Snyder: That idea of being able to pick your narrative and say, "this is the way I see the world and nobody else can tell me it's not so" is really tempting.
So Mad Hatter is scary in the way that he says, "There is no objective reality. There's only the way we see things." And if that gets distorted, which he'll do to you if you're his enemy, then it's scary, because you don't know what's real anymore.
That's what's scary about him at the core.
Nrama: And that's what you're exploring in this issue?
Snyder: Yeah, but also… what Cammo and I wanted to explore in the issue was, once you're lost in your own mind, that guy's king. So he can become however large or small or twisted or monstrous he wants to be. He's kind of like a lord of nightmare in your head.

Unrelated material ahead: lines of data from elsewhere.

Lemma det3_eq0_rot (u v w u' v' w' : vec) :
  (det3 u v w = 0 <-> det3 u' v' w' = 0) -> (det3 v w u = 0 <-> det3 v' w' u' = 0).
Proof. by rewrite (det3_rot u) (det3_rot u'). Qed.

Lemma dot_delta (k : 'I_3) w : dot (delta_mx 0 k) w = w ord0 k.
Proof.
rewrite /dot (bigD1 k) //= big1 => [|j /negbTE jk]; last by rewrite mxE jk andbF mul0r.
by rewrite mxE eqxx mul1r addr0.
Qed.

Lemma exists_dot_neq0 w : w != 0 -> exists e, dot e w != 0.
Proof. by case/rV0Pn => k wk; exists (delta_mx 0 k); rewrite dot_delta. Qed.

Lemma cross_eq0_proj u w : w != 0 -> cross u w = 0 -> proj_eq u w.
Proof.
move=> /exists_dot_neq0 [e ew] uw0; exists (dot e u / dot e w).
have /eqP := cross_cross e u w; rewrite uw0 cross0r eq_sym subr_eq0 => /eqP euw.
by rewrite mulrC -scalerA -euw scalerA mulVf ?scale1r.
Qed.

Lemma proj_eq_cross u w : proj_eq u w -> cross u w = 0.
Proof. by case=> c ->; rewrite cross_scaler. Qed.

Lemma cross_neq0 u w : w != 0 -> ~ proj_eq u w -> cross u w != 0.
Proof. by move=> wn np; apply/eqP => /(cross_eq0_proj wn). Qed.

Lemma det3_eq0_of_dot u v w p :
  p != 0 -> dot u p = 0 -> dot v p = 0 -> dot w p = 0 -> det3 u v w = 0.
Proof.
move=> pn up vp wp; apply/eqP.
have : det3 u v w *: p == 0 by rewrite scale_det3 up vp wp !scale0r !addr0.
by rewrite scaler_eq0 (negbTE pn) orbF.
Qed.

Lemma det3_eq0_of_proj u v w p :
  proj_eq (cross u v) p -> dot w p = 0 -> det3 u v w = 0.
Proof. by case=> k E wp; rewrite -dot_cross E dotZr wp mulr0. Qed.

Lemma line_through_cross p h :
  p != 0 -> dot h p = 0 -> exists z c, h = c *: cross p z.
Proof.
move=> /exists_dot_neq0 [e ep] hp; rewrite dotC in ep.
exists (cross e h), (- (dot p e)^-1).
rewrite cross_cross (dotC p h) hp scale0r sub0r scalerN scaleNr opprK.
by rewrite scalerA mulVf ?scale1r.
Qed.

End Vec3.

Section PolynomialFunctions.
Variables (F : fieldType) (V : Type).
Local Notation vec := 'rV[F]_3.

Lemma eq_meval (a b : V -> F) (e : mpoly F V) : a =1 b -> meval a e = meval b e.
Proof. by move=> ab; elim: e => /= [y|c|f IHf g IHg|f IHf g IHg|f IHf]; rewrite ?ab ?IHf ?IHg. Qed.

Definition polyfun (g : (V -> F) -> F) := exists e : mpoly F V, forall a, meval a e = g a.
Definition polyfun3 (u : (V -> F) -> vec) := forall k : 'I_3, polyfun (fun a => u a ord0 k).

Lemma eq_polyfun g g' : polyfun g -> g =1 g' -> polyfun g'.
Proof. by move=> [e E] gg'; exists e => a; rewrite E gg'. Qed.
Lemma polyfun_cst c : polyfun (fun _ => c).
Proof. by exists (MCst V c). Qed.
Lemma polyfun_var y : polyfun (fun a => a y).
Proof. by exists (MVar F y). Qed.
Lemma polyfunD g1 g2 : polyfun g1 -> polyfun g2 -> polyfun (fun a => g1 a + g2 a).
Proof. by case=> e1 E1 [e2 E2]; exists (MAdd e1 e2) => a /=; rewrite E1 E2. Qed.
Lemma polyfunM g1 g2 : polyfun g1 -> polyfun g2 -> polyfun (fun a => g1 a * g2 a).
Proof. by case=> e1 E1 [e2 E2]; exists (MMul e1 e2) => a /=; rewrite E1 E2. Qed.
Lemma polyfunN g : polyfun g -> polyfun (fun a => - g a).
Proof. by case=> e E; exists (MOpp e) => a /=; rewrite E. Qed.
Lemma polyfunB g1 g2 : polyfun g1 -> polyfun g2 -> polyfun (fun a => g1 a - g2 a).
Proof. by move=> h1 h2; apply: polyfunD => //; apply: polyfunN. Qed.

Nrama: And that's represented in the art?
Snyder: Yeah, he physically changes and twists and becomes much more insectile and powerful once Batman starts to lose his grip on things.
Nrama: It's amazing the number of villains you've incorporated into All-Star Batman. Were these villains you've been wanting to get to, even during your run on Batman? I know you mentioned back then that you had a lot of ideas for one-and-done stories about various villains.

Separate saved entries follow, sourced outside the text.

Section EdgeRatios.
Variables (V : finType) (par : V -> V) (r : V).
Hypotheses (tree : is_tree par r) (root_leaf : is_leaf par r r).
Hypothesis three_leaves : (3 <= #|[pred x | is_leaf par r x]|)%N.
Variables (psi : V -> grp -> R) (P : V -> grp -> grp -> R).
Hypothesis psi_sum : forall v, v != r -> psi v gA = - (psi v gC + psi v gG + psi v gT).
Hypothesis P_trans : forall v, v != r -> forall x y, P v x y = trans_fun (psi v) (gadd x y).
Variables (ci cj ck ci' cj' : V -> V).
Hypothesis good : good_choice par r ci cj ck ci' cj'.

Let fourier_psi_gA v : v != r -> fourier (psi v) gA = 0.
Proof. by move=> Hv; rewrite fourier_gA psi_sum //; ring. Qed.

Let log_ratio3 (g1 g2 g3 : {ffun leafT par r -> grp}) :
  qprob P g1 * qprob P g2 / qprob P g3 =
  exp (\big[Rplus/0]_(w | w != r) (fourier (psi w) (leaf_sum g1 w)
        + fourier (psi w) (leaf_sum g2 w) - fourier (psi w) (leaf_sum g3 w))).
Proof.
rewrite !(hendy_formula tree P_trans) /Rdiv -exp_Ropp -!exp_plus; congr exp.
by rewrite !big_split /= -(big_morph Ropp Ropp_plus_distr Ropp_0).
Qed.

Let log_ratio4 (g1 g2 g3 g4 : {ffun leafT par r -> grp}) :
  qprob P g1 * qprob P g2 / (qprob P g3 * qprob P g4) =
  exp (\big[Rplus/0]_(w | w != r) (fourier (psi w) (leaf_sum g1 w)
        + fourier (psi w) (leaf_sum g2 w) - fourier (psi w) (leaf_sum g3 w)
        - fourier (psi w) (leaf_sum g4 w))).
Proof.
rewrite !(hendy_formula tree P_trans) /Rdiv Rinv_mult -!exp_Ropp -!exp_plus; congr exp.
by rewrite !big_split /= -!(big_morph Ropp Ropp_plus_distr Ropp_0); ring.
Qed.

Snyder: Some of them are brand new. This one, the Hatter one, is a new one. The Freeze one was one I had in mind for a while. The Ivy one was brand new.
So this arc to me is almost like stand-alone stories that can be sort of explorations of each villain.
But they all do culminate with one villain saying, "I was showing you three different ways the world can end."
It can end with natural cataclysm, like the permafrost, because we don't care about preserving these things. And a spore will get loose or so on.
Or it could end in biological weapons, which is hinted at in the Ivy story.
It could end in sort of subjective madness and indifference, the way that it could with the Hatter stuff.
And then he says, the point is to show that the world is just incredibly fragile right now, and you're just sort of a story that we tell ourselves to make ourselves feel like we're OK.
But we won't.
And in that way, the arc has a kind of unity and is about one thing. But I wanted it to stand alone.
Nrama: Is that the sort of experimentation that you want to maintain on All-Star Batman?
Snyder: All-Star Batman is a place for me to keep Batman as exciting as it’s ever been, if not more, by constantly challenging myself to write very differently and say, how do I make this villain as scary and as new and as personal as possible, with a partner on the book that speaks perfectly to that character.